My hot take:
Not too surprising to me, considering what GPT-3 could do. However there were some people (and some small probability mass remaining in myself) saying that even GPT-3 wasn't doing any sort of reasoning, didn't have any sort of substantial understanding of the world, etc. Well, this is another nail in the coffin of that idea, in my opinion. Whatever this architecture is doing on the inside, it seems to be pretty capable and general.
I don't think this architecture will scale to AGI by itself. But the dramatic success of this architecture is evidence that there are other architectures, not too far away in search space, that exhibit similar computational efficiency and scales-with-more-compute properties, that are useful for more different kinds of tasks.
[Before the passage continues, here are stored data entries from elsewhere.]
Lemma glue_ri_ll ux wx p v : path glued (inl ux) p -> last (inl ux) p = inl wx ->
  uniq (inl ux :: p) -> v \in inl ux :: p -> bB ux :&: bB wx \subset glue_bag v.
Proof.
case: tdB => _ _ _ _ riB pp lp up vp.
have Pl : is_inl (last (inl ux) p) by rewrite lp.
have := path_same_side glue_cut (@parent_rel_sym _ _) pp isT Pl up.
by move=> /(glue_on_path_l pp lp up)/(_ vp)[v' /riB ? ->].
Qed.

Lemma glue_ri_rr ux wx p v : path glued (inr ux) p -> last (inr ux) p = inr wx ->
  uniq (inr ux :: p) -> v \in inr ux :: p -> bA ux :&: bA wx \subset glue_bag v.
Proof.
case: tdA => _ _ _ _ riA pp lp up vp.
have Pl : predC is_inl (last (inr ux) p) by rewrite lp.
have cutC := cut_edgeC glue_cut (@parent_rel_sym _ _).
have := path_same_side cutC (@parent_rel_sym _ _) pp isT Pl up.
by move=> /(glue_on_path_r pp lp up)/(_ vp)[v' /riA ? ->].
Qed.

Lemma glue_ri_lr ux wx p v : path glued (inl ux) p -> last (inl ux) p = inr wx ->
  uniq (inl ux :: p) -> v \in inl ux :: p -> bB ux :&: bA wx \subset glue_bag v.
Proof.
case: tdA => subA _ _ _ riA; case: tdB => subB _ _ _ riB pp lp up vp.
have nall : ~~ all is_inl p.
  by apply/negP => /allP all_p; have := mem_last (inl ux) p; rewrite lp inE /= => /all_p.
have [p1 [p2 [Ep A1 L1 _]]] := path_crosses glue_cut pp isT nall.
rewrite Ep in pp up vp lp.
move: pp; rewrite cat_path L1 => /andP[pp1 /andP[_ pp2]].
move: up; rewrite -cat_cons cat_uniq => /and3P[up1 /hasPn disj up2].
have rBN : inl rB \notin p2.
  apply/negP => rBp2; have := disj _ (mem_behead (rBp2 : inl rB \in behead (inr a :: p2))).
  by rewrite -L1 mem_last.
have A2 := path_stays_outside glue_cut (@parent_rel_sym _ _) pp2 isT rBN.
apply/subsetP => x /setIP[xu xw].
have xN : x \in N by rewrite (subsetP SAB_sub_N) // inE (subsetP (subA wx)) ?(subsetP (subB ux)).
move: vp; rewrite -cat_cons mem_cat => /orP[vp1|vp2].
  have [v' /riB/subsetP ri_v' ->] := glue_on_path_l pp1 L1 up1 A1 vp1.
  by rewrite ri_v' // inE xu (subsetP N_sub_rB).
rewrite last_cat L1 in lp.
have [v' /riA/subsetP ri_v' ->] := glue_on_path_r pp2 lp up2 A2 vp2.
by rewrite ri_v' // inE xw (subsetP N_sub_a).
Qed.

Lemma glue_clique_td : symmetric e ->
  {in SA :\: SB & SB :\: SA, forall y z, ~~ e y z} ->
  clique_td_on e (SA :|: SB) glued glue_bag.
Proof.
move=> e_sym no_cross; have [subA clA covA edgA _] := tdA; have [subB clB covB edgB _] := tdB.
split.
- case=> u /=; first by rewrite (subset_trans (subB u)) ?subsetUr.
  by rewrite (subset_trans (subA u)) ?subsetUl.
- by case=> u; [exact: clB | exact: clA].
- move=> x; rewrite inE => /orP[/covA[v xv]|/covB[v xv]]; [by exists (inr v) | by exists (inl v)].
- move=> x y xS yS exy.
  have [/andP[xA yA]|notA] := boolP ((x \in SA) && (y \in SA)).
    by have [v ?] := edgA x y xA yA exy; exists (inr v).
  have [/andP[xB yB]|notB] := boolP ((x \in SB) && (y \in SB)).
    by have [v ?] := edgB x y xB yB exy; exists (inl v).
  have : (x \in SA :\: SB) && (y \in SB :\: SA) || (y \in SA :\: SB) && (x \in SB :\: SA).
    move: xS yS notA notB; rewrite !inE.
    by case: (x \in SA); case: (x \in SB); case: (y \in SA); case: (y \in SB).
  case/orP => /andP[h1 h2]; move: (no_cross _ _ h1 h2); first by rewrite exy.
  by rewrite e_sym exy.
- move=> [ux|ux] v [wx|wx] [p [pp lp up vp]].
  + exact: glue_ri_ll pp lp up vp.
  + exact: glue_ri_lr pp lp up vp.
  + have [q [pq lq uq vq]] := on_path_sym (@parent_rel_sym _ _) (ex_intro _ p (And4 pp lp up vp)).
    by rewrite setIC; exact: glue_ri_lr pq lq uq vq.
  + exact: glue_ri_rr pp lp up vp.
Qed.
End Glue.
Being able to accomplish something is important even if it was predicted to be possible. No one is surprised that generative models do embody a lot of useful knowledge (that's much of the point), but it can be hard to tap into it.
The difference between GPT & iGPT for transfer learning is that GPT can be queried directly via its modality by putting in text: "Translate this into French", "what genre of text is this?", "tldr", etc. On the other hand, if you were querying iGPT by handing it half an image and expecting it to complete it in a useful way, there is absolutely nothing surprising about that being useful, obviously; but I have a hard time thinking of how you could implement classification by image completion! You normally have to get the knowledge out a different way, through an embedding which can be fed into a linear classification layer; if you can't do that, it's unclear what exactly you do. It was unclear how you use Sparse Transformers, PixelRNN, GANs, etc to do any of that. Now it's clearer.
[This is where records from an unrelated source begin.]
Lemma prod_primes_below_cprod f N : prod_primes_below f N =
  cprod (fun m => 1 + (if prime_dec (Z.of_nat m) then f m - 1 else RtoC 0))%C 0 N.
Proof. induction N; simpl; [auto|]. rewrite IHN. destruct (prime_dec (Z.of_nat N)); f_equal; ring. Qed.

Lemma prod_primes_below_cauchy f c : 0 <= c ->
  (forall m, prime (Z.of_nat m) -> Cmod (f m - 1)%C <= c / INR m ^ 2) ->
  Ccauchy (prod_primes_below f).
Proof.
  intros Hc Hf.
  set (a := fun m => if prime_dec (Z.of_nat m) then (f m - 1)%C else RtoC 0).
  assert (Ha : small_tails (fun m => Cmod (a m))).
  { apply small_tails_le with (h := fun m => c * / INR m ^ 2);
      [|apply small_tails_scal, small_tails_inv_sq; exact Hc].
    intros m Hm. unfold a. destruct (prime_dec (Z.of_nat m)); [apply Hf; auto|].
    rewrite Cmod_0. apply Rmult_le_pos; [exact Hc|].
    apply Rlt_le, Rinv_0_lt_compat, pow_lt, (lt_INR 0); lia. }
  intros eps He. destruct (cprod_cauchy a Ha eps He) as [N HN].
  exists N. intros m n Hm Hn. rewrite !prod_primes_below_cprod. apply HN; auto.
Qed.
As an analogous example, consider textual style transfer. You can't do it (pre-GPT-3, anyway). Do char-RNNs and Transformers understand the difference between authors and styles and content? Are they capable of textual style transfer? I would be shocked if they weren't. Probably, yes, after all, they can uncannily mimic authors and write plausibly about all sorts of content. But nevertheless, they lack a Gram matrix like CNNs you can easily optimize to do style transfer with. So, no one can do it. Someone finally figuring out how to do it would be big news even if the end output is not surprising.